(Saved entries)

##########

(* Let $I\subseteq[0,\infty)$ be an interval, let $f:I\to\mathbb{R}$ be twice differentiable on $I^\circ$, and let $a,b\in I^\circ$ with $a<b$ such that $f''\in L^1[a,b]$. Let $q>1$ and $p=\frac{q}{q-1}$. If $|f''|^q$ is quasi-convex on $[a,b]$, then $$\left|\frac{f(a)+f(b)}{2}-\frac{1}{b-a}\int_a^b f(x)\,dx\right|\le \frac{(b-a)^2}{2^{1+\frac1q}}\bigl(\beta(2,p+1)\bigr)^{\frac1p}\left(\max\{|f''(a)|^q,|f''(b)|^q\}\right)^{\frac1q}.$$
   Context: A function $g:[a,b]\to\mathbb{R}$ is quasi-convex on $[a,b]$ if $g(\lambda x+(1-\lambda)y)\le\max\{g(x),g(y)\}$ for all $x,y\in[a,b]$ and $\lambda\in[0,1]$. $\beta(x,y)=\int_0^1 t^{x-1}(1-t)^{y-1}\,dt$ for $x,y>0$. *)

From Stdlib Require Import Reals Lra ClassicalEpsilon.
Open Scope R_scope.

(* Real power x^y for x >= 0, with the convention 0^y = 0 (y > 0).
   (Stdlib's Rpower 0 y = exp (y * ln 0) = 1, which is wrong at 0.) *)
Definition rpow (x y : R) : R :=
  if Rlt_dec 0 x then Rpower x y else 0.

Definition is_RInt (f : R -> R) (a b l : R) : Prop :=
  exists pr : Riemann_integrable f a b, RiemannInt pr = l.

(* The Riemann integral as a total function (chosen classically; it is the
   actual integral whenever f is Riemann integrable, the integral being unique). *)
Definition RInt (f : R -> R) (a b : R) : R :=
  epsilon (inhabits 0) (is_RInt f a b).

Definition beta (x y : R) : R :=
  RInt (fun t => rpow t (x - 1) * rpow (1 - t) (y - 1)) 0 1.

Definition is_interval (I : R -> Prop) : Prop :=
  forall x y z, I x -> I z -> x <= y <= z -> I y.

(* Interior of I: Stdlib's Rtopology.interior (a neighbourhood of x lies in I). *)

Definition quasi_convex_on (g : R -> R) (a b : R) : Prop :=
  forall x y lam, a <= x <= b -> a <= y <= b -> 0 <= lam <= 1 ->
    g (lam * x + (1 - lam) * y) <= Rmax (g x) (g y).

(* The proof goes through the classical trapezoid error estimate, which is sharper than the
   stated bound:
   1. Quasi-convexity of |f''|^q on [a,b] gives |f''(x)| <= K := max(|f''(a)|^q, |f''(b)|^q)^(1/q)
      for every x in [a,b] (quasi_convex_le_max).
   2. If |f''| <= K on [a,b] and F' = f, then
        |(b-a)/2 (f a + f b) - (F b - F a)| <= K (b-a)^3 / 12      (trapezoid_error),
      proved by applying the mean value theorem twice to
        x |-> K (x-a)^3/12 +- ((x-a)/2 (f a + f x) - (F x - F a)),
      whose value and first derivative vanish at a and whose second derivative is >= 0.
      With F x = int_a^x f this yields the bound K (b-a)^2/12 on the normalized error.
   3. beta(2, p+1) = 1/((p+1)(p+2)) (beta_2, by an explicit antiderivative), and since
      (p+1)(p+2) <= 2 * 3^p for p >= 1 the constant of the theorem dominates 1/12
      (trapezoid_constant_le). *)

From Pilot Require Import Defs.
From Stdlib Require Import Reals Lra ClassicalEpsilon.
From Coquelicot Require Import Coquelicot.
Open Scope R_scope.

Lemma rpow_ge0 x y : 0 <= rpow x y.
Proof.
  unfold rpow; destruct (Rlt_dec 0 x); [left; apply exp_pos | lra].
Qed.

Lemma rpow_Rpower x y : 0 < x -> rpow x y = Rpower x y.
Proof. intros; unfold rpow; destruct (Rlt_dec 0 x); [reflexivity | lra]. Qed.

Lemma rpow_nonpos x y : x <= 0 -> rpow x y = 0.
Proof. intros; unfold rpow; destruct (Rlt_dec 0 x); [lra | reflexivity]. Qed.

Lemma rpow_rpow_inv y q : 0 <= y -> 0 < q -> rpow (rpow y q) (1 / q) = y.
Proof.
  intros Hy Hq. destruct (Req_dec y 0) as [->|Hy0].
  - rewrite (rpow_nonpos 0 q) by lra; apply rpow_nonpos; lra.
  - rewrite (rpow_Rpower y), rpow_Rpower by (try apply exp_pos; lra).
    rewrite Rpower_mult. replace (q * (1 / q)) with 1 by (field; lra).
    apply Rpower_1; lra.
Qed.

Lemma rpow_le_base u v r : 0 <= u <= v -> 0 <= r -> rpow u r <= rpow v r.
Proof.
  intros Huv Hr. destruct (Req_dec u 0) as [->|Hu0].
  - rewrite rpow_nonpos by lra; apply rpow_ge0.
  - rewrite !rpow_Rpower by lra. apply Rle_Rpower_l; lra.
Qed.

Lemma is_derive_eq (g : R -> R) (x l l' : R) : is_derive g x l -> l = l' -> is_derive g x l'.
Proof. now intros H <-. Qed.

(* Sum, difference, product and division rules for derivatives, stated on real-valued
   lambda terms so that derive_rules can apply them by matching the shape of the function. *)
Lemma is_derive_Rplus (g h : R -> R) (x dg dh : R) :
  is_derive g x dg -> is_derive h x dh -> is_derive (fun t => g t + h t) x (dg + dh).
Proof. exact (is_derive_plus g h x dg dh). Qed.
Lemma is_derive_Rminus (g h : R -> R) (x dg dh : R) :
  is_derive g x dg -> is_derive h x dh -> is_derive (fun t => g t - h t) x (dg - dh).
Proof. exact (is_derive_minus g h x dg dh). Qed.
Lemma is_derive_Rmult (g h : R -> R) (x dg dh : R) :
  is_derive g x dg -> is_derive h x dh -> is_derive (fun t => g t * h t) x (dg * h x + g x * dh).
Proof. intros; exact (is_derive_mult g h x dg dh H H0 Rmult_comm). Qed.
Lemma is_derive_Rdiv_const (g : R -> R) (c x dg : R) :
  is_derive g x dg -> is_derive (fun t => g t / c) x (dg / c).
Proof.
  intros H. unfold Rdiv. eapply is_derive_eq.
  - exact (is_derive_Rmult g (fun _ => / c) x dg 0 H (is_derive_const _ _)).
  - cbv beta; ring.
Qed.

Ltac derive_rules :=
  repeat match goal with
  | |- is_derive (fun _ => ?c) ?x _ => exact (is_derive_const c x : is_derive _ x 0)
  | |- is_derive (fun t => t) ?x _ => exact (is_derive_id x : is_derive _ x 1)
  | |- is_derive (fun t => _ + _) _ _ => apply is_derive_Rplus
  | |- is_derive (fun t => _ - _) _ _ => apply is_derive_Rminus
  | |- is_derive (fun t => _ * _) _ _ => apply is_derive_Rmult
  | |- is_derive (fun t => _ / _) _ _ => apply is_derive_Rdiv_const
  end.

Lemma rpow_derivable_at_0 r : 1 < r -> derivable_pt_lim (fun u => rpow u r) 0 0.
Proof.
  intros Hr eps Heps.
  assert (Hdelta : 0 < Rpower eps (1 / (r - 1))) by apply exp_pos.
  exists (mkposreal _ Hdelta). intros h Hh0 Hh; simpl in Hh.
  rewrite Rplus_0_l, (rpow_nonpos 0) by lra.
  destruct (Rlt_or_le 0 h) as [Hpos|Hneg].
  - assert (Hsplit : Rpower h r = Rpower h (r - 1) * h).
    { rewrite <- (Rpower_1 h) at 3 by lra. rewrite <- Rpower_plus. f_equal; ring. }
    rewrite rpow_Rpower, Hsplit by lra.
    (* For h > 0 the difference quotient is h^(r-1), which is < eps once h < eps^(1/(r-1)). *)
    replace ((Rpower h (r - 1) * h - 0) / h - 0) with (Rpower h (r - 1)) by (field; lra).
    rewrite Rabs_pos_eq by (left; apply exp_pos).
    replace eps with (Rpower (Rpower eps (1 / (r - 1))) (r - 1)).
    + apply Rlt_Rpower_l; [lra | rewrite Rabs_pos_eq in Hh; lra].
    + rewrite Rpower_mult. replace (1 / (r - 1) * (r - 1)) with 1 by (field; lra).
      apply Rpower_1; lra.
  - rewrite rpow_nonpos by lra.
    replace ((0 - 0) / h - 0) with 0 by (field; lra). rewrite Rabs_R0; lra.
Qed.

##########

TASK DETAILS
Look for the word "difference". Copy out every line of the data that has it.

REPLY
(* Sum, difference, product and division rules for derivatives, stated on real-valued
    (* For h > 0 the difference quotient is h^(r-1), which is < eps once h < eps^(1/(r-1)). *)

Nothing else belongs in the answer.